Олекса взобрался на старую вышку, приложил к глазам бинокль. Бинокль — подарок отца с войны. Олекса бросил в чемодан, когда ехал в Новую Греблю. Ветряки на горизонте и облачка. Улечься бы вот на том пушистом облачке и нестись с ним, и мечтать, мечтать!.. А вон, кажется, и Яринкины телята.
В круглых стеклышках качалась длинная ветка вербы, которую заплетала девушка с распущенными косами, в тяжелом венке из белых водяных лилий.
Вот она вскинула кверху руки, бросилась с высокого берега в воду, и крутая волна закачала на своем гребне чистые, белые лилии.
Олекса спрыгнул с вышки и пошел по тропинке к реке. Он и сам не знал, зачем идет. Он так задумался, что даже напугался, когда впереди вдруг затрещали камыши, и из них вылупились огромные удивленные глаза. Да это же бычок! А сбоку — Яринка.
— Ой, волк!.. — сверкнула она двумя рядами росинок-зубов, обожгла лукавым взглядом, хлестнув бычка лозиной.
Тот коротко промычал и, пригнув голову, понесся по краю тропинки мимо Олексы, свалив его в камыши. Олекса лежал между кочек, а мимо него мчались по тропке испуганные телята, будто он в самом деле подстерегал их. Может, они услышали предостережение в Яринкином голосе?

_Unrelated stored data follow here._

(* Let $F= \left( \begin{bmatrix} f \\ g \end{bmatrix}, \begin{bmatrix} \alpha & \beta \\ \beta^\dagger & \delta \end{bmatrix}, \begin{bmatrix} s \\ t \end{bmatrix} \right): A \to B \otimes C$ be a map in $\mathfrak{G}\left[ (\mathbb{X}, \dagger) \right]_X$, and let $m: B \to C$ be a conditional generator for $\begin{bmatrix} \alpha & \beta \\ \beta^\dagger & \delta \end{bmatrix}$. Then define the map $G_m: B \otimes A \to C$ in $\mathfrak{G}\left[ (\mathbb{X}, \dagger) \right]_X$ as the triple: \begin{align*} G_m = \left( \begin{bmatrix} m & g - m \circ f \end{bmatrix}, \delta - m \circ \beta, t - m\circ s \right) \end{align*} Then $G_m$ is a conditional of $F$.
   Context: Let $(\mathbb{X}, \dagger)$ be a dagger additive category (a dagger category enriched in abelian groups with additive dagger and finite biproducts satisfying $\pi_j^\dagger = \iota_j$; maps between biproducts are written as matrices and the dagger acts as conjugate transpose) and fix an object $X$. A map $p$ is $\dagger$-positive if $p = \phi^\dagger \circ \phi$ for some $\phi$. The Gauss construction $\mathfrak{G}\left[ (\mathbb{X}, \dagger) \right]_X$ is the Markov category with the objects of $\mathbb{X}$, maps $A \to B$ the triples $(f,p,x)$ with $f: A \to B$, $p: B \to B$ $\dagger$-positive, $x: X \to B$; identities $\mathsf{Id}_A = (\mathsf{id}_A,0,0)$; composition $(g,q,y) \circ (f,p,x) = (g \circ f, q + g \circ p \circ g^\dagger, y + g \circ x)$; $A \otimes B = A \oplus B$, $(f,p,x) \otimes (g,q,y) = \left(f \oplus g, p \oplus q, \begin{bmatrix} x \\ y \end{bmatrix}\right)$; copy $\mathsf{copy}_A = \left(\begin{bmatrix} \mathsf{id}_A \\ \mathsf{id}_A \end{bmatrix}, 0, 0\right)$, delete $\mathsf{del}_A = (0,0,0): A \to \mathsf{0}$. In $F$, $f: A \to B$, $g: A \to C$, $\alpha: B \to B$, $\beta: C \to B$, $\delta: C \to C$, $s: X \to B$, $t: X \to C$. A conditional generator for a $\dagger$-positive map $\begin{bmatrix} \alpha & \beta \\ \beta^\dagger & \delta \end{bmatrix}: B \oplus C \to B \oplus C$ is a map $m: B \to C$ such that (i) $m \circ \alpha = \beta^\dagger$ and (ii) $\delta - m \circ \beta$ is $\dagger$-positive. A map $G: B \otimes A \to C$ is a conditional of $F: A \to B \otimes C$ if $(\mathsf{Id}_B \otimes G) \circ (\mathsf{copy}_B \otimes \mathsf{Id}_A) \circ (\mathsf{Id}_B \otimes \mathsf{del}_C \otimes \mathsf{Id}_A) \circ (F \otimes \mathsf{Id}_A) \circ \mathsf{copy}_A = F$. *)

From HB Require Import structures.
From mathcomp Require Import all_boot all_algebra.
Set Implicit Arguments. Unset Strict Implicit. Unset Printing Implicit Defensive.
Import GRing.Theory.
Local Open Scope ring_scope.

Record DagAddCat := {
  Ob : Type;
  XHom : Ob -> Ob -> zmodType;
  xcomp : forall A B C : Ob, XHom B C -> XHom A B -> XHom A C;
  xid : forall A : Ob, XHom A A;
  xdag : forall A B : Ob, XHom A B -> XHom B A;
  comp_assoc : forall A B C D (h : XHom C D) (g : XHom B C) (f : XHom A B),
      xcomp h (xcomp g f) = xcomp (xcomp h g) f;
  comp_id_l : forall A B (f : XHom A B), xcomp (xid B) f = f;
  comp_id_r : forall A B (f : XHom A B), xcomp f (xid A) = f;
  comp_addl : forall A B C (g g' : XHom B C) (f : XHom A B),
      xcomp (g + g') f = xcomp g f + xcomp g' f;
  comp_addr : forall A B C (g : XHom B C) (f f' : XHom A B),
      xcomp g (f + f') = xcomp g f + xcomp g f';
  dag_comp : forall A B C (g : XHom B C) (f : XHom A B),
      xdag (xcomp g f) = xcomp (xdag f) (xdag g);
  dag_id : forall A, xdag (xid A) = xid A;
  dag_invol : forall A B (f : XHom A B), xdag (xdag f) = f;
  dag_add : forall A B (f f' : XHom A B), xdag (f + f') = xdag f + xdag f';
  zob : Ob;
  zob_zero : xid zob = 0;
  bip : Ob -> Ob -> Ob;
  pi1 : forall A B, XHom (bip A B) A;
  pi2 : forall A B, XHom (bip A B) B;
  io1 : forall A B, XHom A (bip A B);
  io2 : forall A B, XHom B (bip A B);
  pi1_io1 : forall A B, xcomp (pi1 A B) (io1 A B) = xid A;
  pi2_io2 : forall A B, xcomp (pi2 A B) (io2 A B) = xid B;
  pi1_io2 : forall A B, xcomp (pi1 A B) (io2 A B) = 0;
  pi2_io1 : forall A B, xcomp (pi2 A B) (io1 A B) = 0;
  bip_id : forall A B, xcomp (io1 A B) (pi1 A B) + xcomp (io2 A B) (pi2 A B)
                       = xid (bip A B);
  dag_pi1 : forall A B, xdag (pi1 A B) = io1 A B;
  dag_pi2 : forall A B, xdag (pi2 A B) = io2 A B
}.

Arguments XHom : clear implicits.
Arguments xcomp {_ _ _ _}.
Arguments xid {_}.
Arguments xdag {_ _ _}.
Arguments zob {_}.
Arguments bip {_}.
Arguments pi1 {_}. Arguments pi2 {_}. Arguments io1 {_}. Arguments io2 {_}.

Section Matrices.
Variable X : DagAddCat.
Local Notation Obj := (Ob X).
Local Notation Hm := (XHom X).

Definition mcol (A B C : Obj) (f : Hm A B) (g : Hm A C) : Hm A (bip B C) :=
  xcomp (io1 B C) f + xcomp (io2 B C) g.
Definition mrow (A B C : Obj) (f : Hm A C) (g : Hm B C) : Hm (bip A B) C :=
  xcomp f (pi1 A B) + xcomp g (pi2 A B).
(* 2x2 block matrix [[a, b], [c, d]] : A1 (+) A2 -> B1 (+) B2 *)
Definition mblock (A1 A2 B1 B2 : Obj) (a : Hm A1 B1) (b : Hm A2 B1)
    (c : Hm A1 B2) (d : Hm A2 B2) : Hm (bip A1 A2) (bip B1 B2) :=
  mcol (mrow a b) (mrow c d).
Definition msum (A B C D : Obj) (f : Hm A B) (g : Hm C D) :
    Hm (bip A C) (bip B D) := mblock f 0 0 g.

Definition dpositive (A : Obj) (p : Hm A A) : Prop :=
  exists (Y : Obj) (phi : Hm A Y), p = xcomp (xdag phi) phi.

Definition bassoc (P Q R : Obj) : Hm (bip (bip P Q) R) (bip P (bip Q R)) :=
  mcol (xcomp (pi1 P Q) (pi1 (bip P Q) R))
       (mcol (xcomp (pi2 P Q) (pi1 (bip P Q) R)) (pi2 (bip P Q) R)).
Definition brunit (B : Obj) : Hm (bip B zob) B := pi1 B zob.

Definition cond_generator (B C : Obj) (alpha : Hm B B) (beta : Hm C B)
    (delta : Hm C C) (m : Hm B C) : Prop :=
  xcomp m alpha = xdag beta /\ dpositive (delta - xcomp m beta).

Section Gauss.
Variable Xo : Obj.

Record gtriple (A B : Obj) := GT { gf : Hm A B; gp : Hm B B; gx : Hm Xo B }.

Definition is_gmap (A B : Obj) (F : gtriple A B) : Prop := dpositive (gp F).

Definition gId (A : Obj) : gtriple A A := GT (xid A) 0 0.
Definition gcomp (A B C : Obj) (G : gtriple B C) (F : gtriple A B) : gtriple A C :=
  GT (xcomp (gf G) (gf F))
     (gp G + xcomp (gf G) (xcomp (gp F) (xdag (gf G))))
     (gx G + xcomp (gf G) (gx F)).
Definition gtensor (A B C D : Obj) (F : gtriple A B) (G : gtriple C D) :
    gtriple (bip A C) (bip B D) :=
  GT (msum (gf F) (gf G)) (msum (gp F) (gp G)) (mcol (gx F) (gx G)).
Definition gcopy (A : Obj) : gtriple A (bip A A) := GT (mcol (xid A) (xid A)) 0 0.
Definition gdel (A : Obj) : gtriple A zob := GT 0 0 0.
Definition glift (A B : Obj) (f : Hm A B) : gtriple A B := GT f 0 0.

(* G : B (x) A -> C is a conditional of F : A -> B (x) C:
   (Id_B (x) G) o (copy_B (x) Id_A) o (Id_B (x) del_C (x) Id_A) o (F (x) Id_A) o copy_A = F,
   with the (implicit in the paper) associator and unitor written explicitly. *)
Definition is_conditional (A B C : Obj) (F : gtriple A (bip B C))
    (G : gtriple (bip B A) C) : Prop :=
  is_gmap G /\
  gcomp (gtensor (gId B) G)
  (gcomp (glift (bassoc B B A))
  (gcomp (gtensor (gcopy B) (gId A))
  (gcomp (gtensor (glift (brunit B)) (gId A))
  (gcomp (gtensor (gtensor (gId B) (gdel C)) (gId A))
  (gcomp (gtensor F (gId A))
         (gcopy A)))))) = F.

End Gauss.
End Matrices.

From HB Require Import structures.
From mathcomp Require Import all_boot all_algebra.
Import GRing.Theory.
Local Open Scope ring_scope.

(* The five structural steps of the conditional equation keep only the
   B-marginal (f, α, s) of F and copy it next to the input, giving a map
   A → B ⊗ (B ⊗ A).  Composing with Id_B ⊗ G, where G = ([u v], q, y), yields
     ([f; u f + v], [[α, α u†], [u α, q + u α u†]], [s; y + u s]).
   For G = G_m this is F: m α = β† by (i), and α is self-adjoint (a diagonal
   block of a positive map), so α m† = β and m α m† = m β. *)

Section DaggerAdditive.
Variable X : DagAddCat.
Implicit Types A B C D : Ob X.

Lemma comp0l A B C (f : XHom X A B) : xcomp (0 : XHom X B C) f = 0.
Proof. by apply: (@addrI _ (xcomp 0 f)); rewrite -comp_addl !addr0. Qed.

Lemma comp0r A B C (g : XHom X B C) : xcomp g (0 : XHom X A B) = 0.
Proof. by apply: (@addrI _ (xcomp g 0)); rewrite -comp_addr !addr0. Qed.

Lemma dag0 A B : xdag (0 : XHom X A B) = 0.
Proof. by apply: (@addrI _ (xdag (0 : XHom X A B))); rewrite -dag_add !addr0. Qed.

Lemma dpositive_dag A (p : XHom X A A) : dpositive p -> xdag p = p.
Proof. by case=> Y [phi ->]; rewrite dag_comp dag_invol. Qed.

Lemma pi1E A B : pi1 A B = mrow (xid A) 0.
Proof. by rewrite /mrow comp_id_l comp0l addr0. Qed.

Lemma pi2E A B : pi2 A B = mrow 0 (xid B).
Proof. by rewrite /mrow comp_id_l comp0l add0r. Qed.

Lemma io1E A B : io1 A B = mcol (xid A) 0.
Proof. by rewrite /mcol comp_id_r comp0r addr0. Qed.

Lemma io2E A B : io2 A B = mcol 0 (xid B).
Proof. by rewrite /mcol comp_id_r comp0r add0r. Qed.

Lemma mcol0 A B C : mcol (0 : XHom X A B) (0 : XHom X A C) = 0.
Proof. by rewrite /mcol !comp0r addr0. Qed.

Lemma mrow0 A B C : mrow (0 : XHom X A C) (0 : XHom X B C) = 0.
Proof. by rewrite /mrow !comp0l addr0. Qed.

Lemma mcolD A B C (a a' : XHom X A B) (b b' : XHom X A C) :
  mcol a b + mcol a' b' = mcol (a + a') (b + b').
Proof. by rewrite /mcol !comp_addr addrACA. Qed.

Lemma mrowD A B C (a a' : XHom X A C) (b b' : XHom X B C) :
  mrow a b + mrow a' b' = mrow (a + a') (b + b').
Proof. by rewrite /mrow !comp_addl addrACA. Qed.

Lemma comp_mcol A B C D (a : XHom X A B) (b : XHom X A C) (h : XHom X D A) :
  xcomp (mcol a b) h = mcol (xcomp a h) (xcomp b h).
Proof. by rewrite /mcol comp_addl -!comp_assoc. Qed.

Lemma comp_mrow A B C D (a : XHom X A C) (b : XHom X B C) (h : XHom X C D) :
  xcomp h (mrow a b) = mrow (xcomp h a) (xcomp h b).
Proof. by rewrite /mrow comp_addr !comp_assoc. Qed.

Lemma mrow_mcol A B C D (a : XHom X A D) (b : XHom X B D) (c : XHom X C A) (d : XHom X C B) :
  xcomp (mrow a b) (mcol c d) = xcomp a c + xcomp b d.
Proof.
rewrite /mcol /mrow comp_addl !comp_addr -!comp_assoc.
rewrite ![xcomp (pi1 _ _) (xcomp _ _)]comp_assoc ![xcomp (pi2 _ _) (xcomp _ _)]comp_assoc.
by rewrite pi1_io1 pi2_io2 pi1_io2 pi2_io1 !comp_id_l !comp0l !comp0r addr0 add0r.
Qed.

Lemma mrow_mcolE A1 A2 B1 B2 (a : XHom X A1 B1) (b : XHom X A2 B1)
    (c : XHom X A1 B2) (d : XHom X A2 B2) :
  mrow (mcol a c) (mcol b d) = mcol (mrow a b) (mrow c d).
Proof. by rewrite /mrow /mcol !comp_addl !comp_addr !comp_assoc addrACA. Qed.

Lemma dag_mcol A B C (a : XHom X A B) (b : XHom X A C) :
  xdag (mcol a b) = mrow (xdag a) (xdag b).
Proof.
by rewrite /mcol /mrow dag_add !dag_comp -dag_pi1 -dag_pi2 !dag_invol.
Qed.

Lemma dag_mrow A B C (a : XHom X A C) (b : XHom X B C) :
  xdag (mrow a b) = mcol (xdag a) (xdag b).
Proof. by rewrite -[a]dag_invol -[b]dag_invol -dag_mcol !dag_invol. Qed.

Lemma zero_mcol A B C : (0 : XHom X A (bip B C)) = mcol 0 0.
Proof. by rewrite mcol0. Qed.

Lemma zero_mrow A B C : (0 : XHom X (bip A B) C) = mrow 0 0.
Proof. by rewrite mrow0. Qed.

End DaggerAdditive.

(* The distributivity laws must stay out of the rule set:
   [mcol] and [mrow] unfold to sums, so the [_ + _] pattern of [comp_addl]
   would match, and take apart, every block. *)
Ltac mx_normalize :=
  rewrite /msum /mblock /bassoc /brunit;
  repeat progress rewrite ?pi1E ?pi2E ?io1E ?io2E ?zero_mcol ?zero_mrow
    ?dag_comp ?dag_invol ?dag_id ?dag0 ?dag_mcol ?dag_mrow
    ?comp_id_l ?comp_id_r ?comp0l ?comp0r -?comp_assoc
    ?comp_mcol ?comp_mrow ?mrow_mcol ?mrow_mcolE ?mcolD ?mrowD ?addr0 ?add0r.

Lemma dpositive_mblock_dag11 (X : DagAddCat) (B C : Ob X) (a : XHom X B B)
    (b : XHom X C B) (c : XHom X B C) (d : XHom X C C) :
  dpositive (mblock a b c d) -> xdag a = a.
Proof.
move=> /dpositive_dag /(congr1 (fun M => xcomp (pi1 B C) (xcomp M (io1 B C)))).
by mx_normalize.
Qed.

Section GaussConstruction.
Variables (X : DagAddCat) (Xo : Ob X).
Implicit Types A B C D : Ob X.

Lemma gcompA A B C D (H : gtriple Xo C D) (G : gtriple Xo B C) (F : gtriple Xo A B) :
  gcomp H (gcomp G F) = gcomp (gcomp H G) F.
Proof.
rewrite /gcomp /=; congr GT; first exact: comp_assoc.
  by rewrite comp_addl comp_addr addrA dag_comp -!comp_assoc.
by rewrite comp_addr addrA comp_assoc.
Qed.

Lemma gcomp_gliftl A B C (h : XHom X B C) (F : gtriple Xo A B) :
  gcomp (glift Xo h) F = GT (xcomp h (gf F)) (xcomp h (xcomp (gp F) (xdag h))) (xcomp h (gx F)).
Proof. by rewrite /gcomp /= !add0r. Qed.

Lemma gcomp_glift A B C (h : XHom X B C) (k : XHom X A B) :
  gcomp (glift Xo h) (glift Xo k) = glift Xo (xcomp h k).
Proof. by rewrite gcomp_gliftl /= comp0l !comp0r. Qed.

Lemma gtensor_glift A B C D (f : XHom X A B) (g : XHom X C D) :
  gtensor (glift Xo f) (glift Xo g) = glift Xo (msum f g).
Proof. by rewrite /gtensor /glift /msum /mblock /= !mrow0 !mcol0. Qed.

Lemma gcomp_tensor_copy A D (F : gtriple Xo A D) :
  gcomp (gtensor F (gId Xo A)) (gcopy Xo A)
  = GT (mcol (gf F) (xid A)) (msum (gp F) 0) (mcol (gx F) 0).
Proof. by rewrite /gcomp /gtensor /gcopy /=; congr GT; mx_normalize. Qed.

End GaussConstruction.

Section Conditional.
Variables (X : DagAddCat) (Xo A B C : Ob X).

Lemma gcomp_copy_marginal (f : XHom X A B) (g : XHom X A C) (alpha : XHom X B B)
    (beta : XHom X C B) (gamma : XHom X B C) (delta : XHom X C C)
    (s : XHom X Xo B) (t : XHom X Xo C) :
  gcomp (glift Xo (bassoc B B A))
  (gcomp (gtensor (gcopy Xo B) (gId Xo A))
  (gcomp (gtensor (glift Xo (brunit B)) (gId Xo A))
  (gcomp (gtensor (gtensor (gId Xo B) (gdel Xo C)) (gId Xo A))
  (gcomp (gtensor (GT (mcol f g) (mblock alpha beta gamma delta) (mcol s t)) (gId Xo A))
         (gcopy Xo A)))))
  = GT (mcol f (mcol f (xid A)))
       (mblock alpha (mrow alpha 0) (mcol alpha 0) (msum alpha (0 : XHom X A A)))
       (mcol s (mcol s 0)).
Proof.
rewrite gcomp_tensor_copy !gtensor_glift !gcompA !gcomp_glift.
set K := (M in gcomp (glift _ M) _).
(* K sends (b, c, a) to (b, (b, a)); normalizing it before it is duplicated in
   K P K† keeps the block computation small. *)
have -> : K = mcol (xcomp (pi1 B C) (pi1 _ A)) (mcol (xcomp (pi1 B C) (pi1 _ A)) (pi2 _ A)).
  by rewrite /K; mx_normalize.
by rewrite gcomp_gliftl; congr GT; mx_normalize.
Qed.

Lemma gcomp_tensor_id_row (f : XHom X A B) (alpha : XHom X B B) (s : XHom X Xo B)
    (u : XHom X B C) (v : XHom X A C) (q : XHom X C C) (y : XHom X Xo C) :
  gcomp (gtensor (gId Xo B) (GT (mrow u v) q y))
    (GT (mcol f (mcol f (xid A)))
        (mblock alpha (mrow alpha 0) (mcol alpha 0) (msum alpha (0 : XHom X A A)))
        (mcol s (mcol s 0)))
  = GT (mcol f (xcomp u f + v))
       (mblock alpha (xcomp alpha (xdag u)) (xcomp u alpha) (q + xcomp u (xcomp alpha (xdag u))))
       (mcol s (y + xcomp u s)).
Proof. by rewrite /gcomp /gtensor /=; congr GT; mx_normalize. Qed.

End Conditional.

Theorem mainTheorem7 (X : DagAddCat) (Xo A B C : Ob X)
  (f : XHom X A B) (g : XHom X A C) (alpha : XHom X B B) (beta : XHom X C B)
  (delta : XHom X C C) (s : XHom X Xo B) (t : XHom X Xo C) (m : XHom X B C) :
  dpositive (mblock alpha beta (xdag beta) delta) ->
  cond_generator alpha beta delta m ->
  is_conditional
    (GT (mcol f g) (mblock alpha beta (xdag beta) delta) (mcol s t))
    (GT (mrow m (g - xcomp m f)) (delta - xcomp m beta) (t - xcomp m s)).
Proof.
move=> /dpositive_mblock_dag11 alpha_sa [m_alpha delta_pos]; split; first exact: delta_pos.
have alpha_m : xcomp alpha (xdag m) = beta by rewrite -alpha_sa -dag_comp m_alpha dag_invol.
rewrite gcomp_copy_marginal gcomp_tensor_id_row alpha_m m_alpha.
by congr GT; [rewrite addrC | |]; rewrite subrK.
Qed.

А над камышами катился к Удаю звонкий девичий смех. И Олекса еще долго ловил его. «Кто она, — думал он, шагая по тропинке, — Лорелей, Олеся?» Но те волшебные и таинственные. В их глазах — неземная тоска, ожидание чего-то неизвестного. А у Яринки ни крошки легенды или хмурых чар. Из ее глаз плещутся смех и радость. Он знает: Яринка любит острое, меткое слово, быстрый, до головокружения танец. Но есть в ней и нечто такое, чего нет даже в нем, нет в Оксане. Это жажда жизни, сила. Такие, как она, цепкие в учебе, в работе. Олекса, сам не зная почему, в мыслях часто сравнивает Яринку со своим институтским другом Леонидом. Когда-то давно Олекса приписывал такую цепкость крестьянскому происхождению Леонида. Ему казалось, что у сельских пареньков энергия не растрачена на кино, на всякие развлечения. Они больше живут книгами и, так как книг у них меньше, крепче врастают в них. Знают они меньше, а хотят знать больше, отсюда у них и усердие в работе, упорство. Впоследствии Леонид немного примелькался Олексе, и он больше не докапывался до причин упорства и жажды знаний товарища. А вот теперь Яринка. Не прав ли он был и тогда?
Когда Олекса затемно возвращался в село, за греблей его ждала Оксана. Обнявшись, они шли вдоль берега туда, где около Оксаниного огорода синеют на фоне неба три тополя. Шли молча.
— Оксана, давай распишемся, — вдруг остановился под кустом калины Олекса.
— Ой! — проронила она тихо.
Она и обрадовалась и почему-то испугалась. Разве же она не думала об этом? Разве не ждала? Только почему так внезапно?.. И так просто... Как будто он не пожениться, а сходить в кино предлагает.
— Вот уберем хлеб, Олексочка, и тогда... Да и наши пусть привыкнут, а то скажут: «Так сразу». Только что познакомились...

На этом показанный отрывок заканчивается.